Friday, January 27, 2012

Lecture 3: Getting Deeper into Analytics!!



In the previous lecture, we had an introduction to Google Analytics (GA).  We also had a warm-up exercise on GA over the weekend. It was the first time for all of us and I was very curious about it.  Because, we all know GA is used for monitoring and analyzing the website traffic but I haven’t seen it before! I haven’t seen what it does, what it displays on the screen.  I was running into wild imaginations – was wondering if it would be something like that screen you get to see in the Space Research Centers,  which is shown on news channels when a rocket is launched.  It would have all possible lines and curves – technically called a graph. But, when I first logged into the Analytics account, I got a feeling that it was no rocket science. The first (main) page on GA is simple and clear and most of all, it makes sense! Thanks to Google J. It had all the metrics which we discussed in class, listed on one side and it had a graph at the top which tells you how many pageviews the website has had over a certain period.

Our Professor told us that GA has two aspects to it. One is the Mechanical aspect and the other is the Analytical aspect. Mechanical aspect of the GA involves setting the timeline for your analysis, choosing the metric you want, etc. Analytical aspect is when you interpret and derive meaning outta the results(graphs or tables) displayed on the screen. Both the aspects are very important and can greatly influence your analysis results/decisions.

The most important metric of all is the Bounce Rate, which is used to measure the visit Quality. According to Google, Bounce Rate is defined as the percentage of single-page visits or visits in which the person left your site from the entrance (landing) page. At first, it was pretty confusing as it is very similar to another metric called Exit Rate. Exit Rate is defined as the percentage of site exits that occurred from a page or set of pages – Google. We had an interesting debate over this and all are doubts were cleared by our Professor.

This is where the lecture came to an end and we all left the class, thinking about our first homework – to analyze the traffic on our own MIS-Eller website and come up with recommendations to the least performing sections of the site.



Sunday, January 22, 2012

Business Intelligence – 2nd Lecture



The second lecture started off with the definition again and so is my second blog on BI.  You can define BI in a lotta different ways. BI is such a big field. Putting it all together, BI can simply be defined as any tool, technology or technique used for collection, measurement, understanding, analysis and prediction using (past) data for Performance Management. Our Professor stressed on ‘Performance Management’, as it is the whole point of using BI for your business. BI is used to help improve business, keep track of your performance, establish goals and targets for the future and find out ways to achieve it. This is exactly where KPIs come into play.

Now, what is KPI?

KPI stands for Key Performance Indicator.

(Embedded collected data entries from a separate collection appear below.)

Variables (X : Type) (GA : GroupAction X) (I : (X -> Prop) -> Prop).
Variable Ik : nat -> (X -> Prop) -> Prop.
Hypothesis I_ideal : is_ideal I.
Hypothesis Ik_inv : forall n, invariant_ideal GA (Ik n).
Hypothesis I_Ik : forall b, I b <-> exists n, Ik n b.

Variables (J : Type) (f : J -> VA X).
Local Notation A := (SetOf J f).
Hypothesis A_W : inW GA I A.

Definition stratum (k : nat) : VA X :=
  SetOf {j : J | symmetric GA (Ik k) (f j)} (fun p => f (proj1_sig p)).

Lemma vmem_stratum k y : vmem y (stratum k) <-> vmem y A /\ symmetric GA (Ik k) y.
Proof.
  split.
  - intros [[j Hj] E]; split; [now exists j|].
    eapply symmetric_veq; [apply veq_sym, E|exact Hj].
  - intros [[j E] Hy]; exists (exist _ j (symmetric_veq E Hy)); exact E.
Qed.

Lemma vmem_strata y : vmem y A <-> exists k, vmem y (stratum k).
Proof.
  split.
  - intro Hy; destruct (inW_symmetric (inW_vmem A_W Hy)) as [e [Ie He]].
    destruct (proj1 (I_Ik e) Ie) as [k Hk].
    exists k; apply vmem_stratum; split; auto; now exists e.
  - intros [k Hk]; apply (vmem_stratum k), Hk.
Qed.

Lemma supports_stratum a k : supports GA a A -> supports GA a (stratum k).
Proof.
  intros Ha g Hg.
  assert (Hmaps : forall h, stab GA A h -> forall y,
            vmem y (stratum k) -> vmem (actV GA h y) (stratum k)).
  { intros h Hh y Hy; apply vmem_stratum in Hy as [HyA Hy].
    apply vmem_stratum; split; [now apply stab_vmem|now apply symmetric_actV]. }
  apply stab_of_vmem; apply Hmaps, Ha; [exact Hg|now apply pstab_inv].
Qed.

Lemma inW_stratum k : inW GA I (stratum k).
Proof.
  pose proof A_W as [[a [Ia Ha]] Hf]; split; [|intro p; apply Hf].
  exists a; split; auto; now apply supports_stratum.
Qed.

Lemma ctbl_union_of_finite_strata :
  (forall k, finitely_covered veq (fun y => vmem y (stratum k))) -> ctbl_union_finite_in_W GA I A.
Proof.
  intro Hfin; destruct (inW_symmetric A_W) as [a [Ia Ha]].
  exists stratum; split; [|split].
  - apply inW_vgraph_omega with a; auto; intro k; [now apply supports_stratum|apply inW_stratum].
  - intro k; apply finite_in_W_of_covered; auto; [apply inW_stratum|constructor].
  - apply vmem_strata.
Qed.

KPIs are commonly used to measure the performance of a business towards a specified target/goal which involves monitoring and measuring metrics. Metrics are defined pertinent to the business. A good example of a metric for a sales company could be: Amount of Dollars earned by sales of a product over a period of time.

Our Professor also talked about different types of data which are Unstructured, Historical and Real-time data. Data can also be broadly classified into two:

Internal – Data that a company or an organization possesses which are mainly about the operations and transactions performed.
External – Data that a company collects from discussion forums, review sites, blogs, etc. which will be helpful for its business.

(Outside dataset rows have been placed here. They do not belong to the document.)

Lemma separated_by_ones_zeros n (alpha : R) (T : {set hyp n}) (S : {set 'I_n}) :
  0 < alpha <= 1 -> T != set0 -> S != set0 -> alpha * n%:R <= #|S|%:R ->
  alpha * #|T|%:R <= #|ones S T|%:R -> alpha * #|T|%:R <= #|zeros S T|%:R ->
  separated_by alpha T S (ones S T) (zeros S T).
Proof.
move=> /andP [alpha_gt0 alpha_le1] T_neq0 S_neq0 S_large ones_large zeros_large.
have ones_neq0 : ones S T != set0.
  rewrite -card_gt0 -(ltr0n R); apply: lt_le_trans ones_large.
  by rewrite mulr_gt0 // ltr0n card_gt0.
split; last by rewrite dens_ones // dens_zeros subr0 normr1.
split; try by apply/subsetP => g; rewrite inE => /andP [].
rewrite -setI_eq0; apply/eqP/setP => g; rewrite !inE.
apply/negP => /andP [/andP [_ /forall_inP g1] /andP [_ /forall_inP g0]].
by have /set0Pn [x Sx] := S_neq0; have := g0 x Sx; rewrite g1.
Qed.

Lemma tight_of_small_total_hdist n (p alpha eps : R) (T : {set hyp n}) (h : hyp n) :
  (forall g, g \in T -> in_EP p g) -> alpha <= 1 / 2 ->
  \sum_(g in T) (hdist g h)%:R < eps * n%:R * #|T|%:R / 4 -> tight p alpha eps T.
Proof.
move=> EP_T alpha_le sum_lt; set e := eps * n%:R in sum_lt *; set t := #|T| in sum_lt *.
have sum_ge0 : 0 <= \sum_(g in T) (hdist g h)%:R :> R by apply: sumr_ge0.
have t_ge0 : 0 <= t%:R :> R by [].
have e_gt0 : 0 < e by nra.
pose Near := [set g | (hdist g h)%:R * 2 <= e].
have far_small : #|T :\: Near|%:R * 2 < t%:R :> R.
  have := markov_card (F := fun g => (hdist g h)%:R) T (e / 2) (fun g => ler0n _ _).
  have -> : [set g in T | e / 2 < (hdist g h)%:R] = T :\: Near.
    by apply/setP => g; rewrite !inE ltNge ler_pdivlMr // andbC.
  nra.
have near_large : t%:R < #|T :&: Near|%:R * 2 :> R.
  by have /(congr1 (GRing.natmul (1 : R))) := cardsID Near T; rewrite natrD; lra.
have [g0 g0_near] : exists g0, g0 \in T :&: Near.
  by apply/set0Pn; rewrite -card_gt0 -(ltr0n R); lra.
move: (g0_near); rewrite !inE => /andP [g0_T g0_h].
exists g0; split; first exact: EP_T.
apply: le_trans (_ : #|T :&: Near|%:R <= _); first nra.
rewrite ler_nat; apply/subset_leq_card/subsetP => g; rewrite !inE => /andP [g_T g_h].
rewrite g_T /eclose -/(hdist g0 g).
apply: le_trans (_ : (hdist g0 h + hdist h g)%:R <= _).
  by rewrite ler_nat hdist_triangle.
by rewrite natrD [hdist h g]hdistC -/e; lra.
Qed.

End SeparationCriteria.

I understood how data collected from these various sources is being used by companies. They don’t just use it blindly. The data that is collected is first cleansed and then it undergoes a process called ‘Data Profiling’ by which you eliminate fake, unnecessary and useless information. At this point, you will have to use the 6Ws which are called the Web Metrics: What, When, Why, Where, Who & Which.

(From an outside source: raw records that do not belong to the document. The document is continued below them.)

(* Every vector [(x, y)], [x != 0], of the cone [N >= 0] lies on the graph of
   some [Z] in [Z_r(N)]: extend [x |-> y - Z0 x] to a rank-one correction. *)
Lemma lift_to_Zset x y :
  x != 0 -> 0 <= qf N (col_mx x y) -> exists Z, Zset N Z /\ Z *m x = y.
Proof.
move=> x_neq0; rewrite schur_qfE => Nxy_ge0.
have [D [Dx D_ok]] := rank_one_extension schur_sym hS x_neq0 Nxy_ge0.
exists (Z0 + D); split; last by rewrite mulmxDl Dx addrC subrK.
by apply/ZsetP => a; rewrite mulmxDl schur_qf; exact: D_ok.
Qed.

End SchurComplement.

(* Necessity of (star): [N] is in [Pi_{q,r}] (via [X], [hker], [hN22], [hS]),
   [M22 <= 0], [Z_r(N)] is contained in [Z_r^+(M)], and [i0] witnesses [q > 0]. *)
Section Converse.
Variables (R : realType) (q r : nat) (M N : 'M[R]_(q + r)) (X : 'M[R]_r).
Hypotheses (sM : M^T = M) (sN : N^T = N) (hX : is_mp_pinv (drsubmx N) X).
Hypothesis hker : forall v : 'cV[R]_r, drsubmx N *m v = 0 -> ursubmx N *m v = 0.
Hypotheses (hN22 : loewner_le (drsubmx N) 0) (hS : psd (schur N X)).
Hypothesis hM22 : loewner_le (drsubmx M) 0.
Hypothesis hZ : forall Z : 'M[R]_(r, q), Zset N Z -> Zset_plus M Z.
Variable i0 : 'I_q.

Local Notation Z0 := (Z0 N X).
Local Notation S := (schur N X).
Local Notation N22 := (drsubmx N).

Ex: What does a customer expect from your business? Where does he come from? Which category or age group does he belong to?

These questions help you derive some meaning outta the data that has been collected which is obviously useful for your company/business.


Thursday, January 19, 2012

What makes BI interesting?



Of late, B and I are the two letters thats on everyone's mind.I was trying to figure out what makes it so interesting.

The very idea of using BI is to help improve your business, based on (past)data analysis. It helps you foresee the future and get yourself prepared for the demand/trend/rise/downfall of the market. But which part of this makes it interesting?

Is it because of the fact that it is related to social media? Of course not!

Is it because it fetches you awesome money?
Okay, this is something that you can't plainly refuse.But, it can't be a proper reason as there are loads of other things in this world which could fetch you even more money.

I guess it is probably because of the human nature. We, as humans, love to predict the future. We always think about future and we always work towards it.

When you have this kinda inborn-curiosity, you are obviously gonna like BI. It gives you a chance to analyse data and find out what customers think about a company, what opinions they have, what they like, which/what attracts them to a product/service, which are lows and highs of a company, what's the trend gonna be like in the near future, etc...obviously sounds interesting to you! After doing all of this, you also get the privilege of suggesting or recommending some solutions to the business which is like icing on the cake.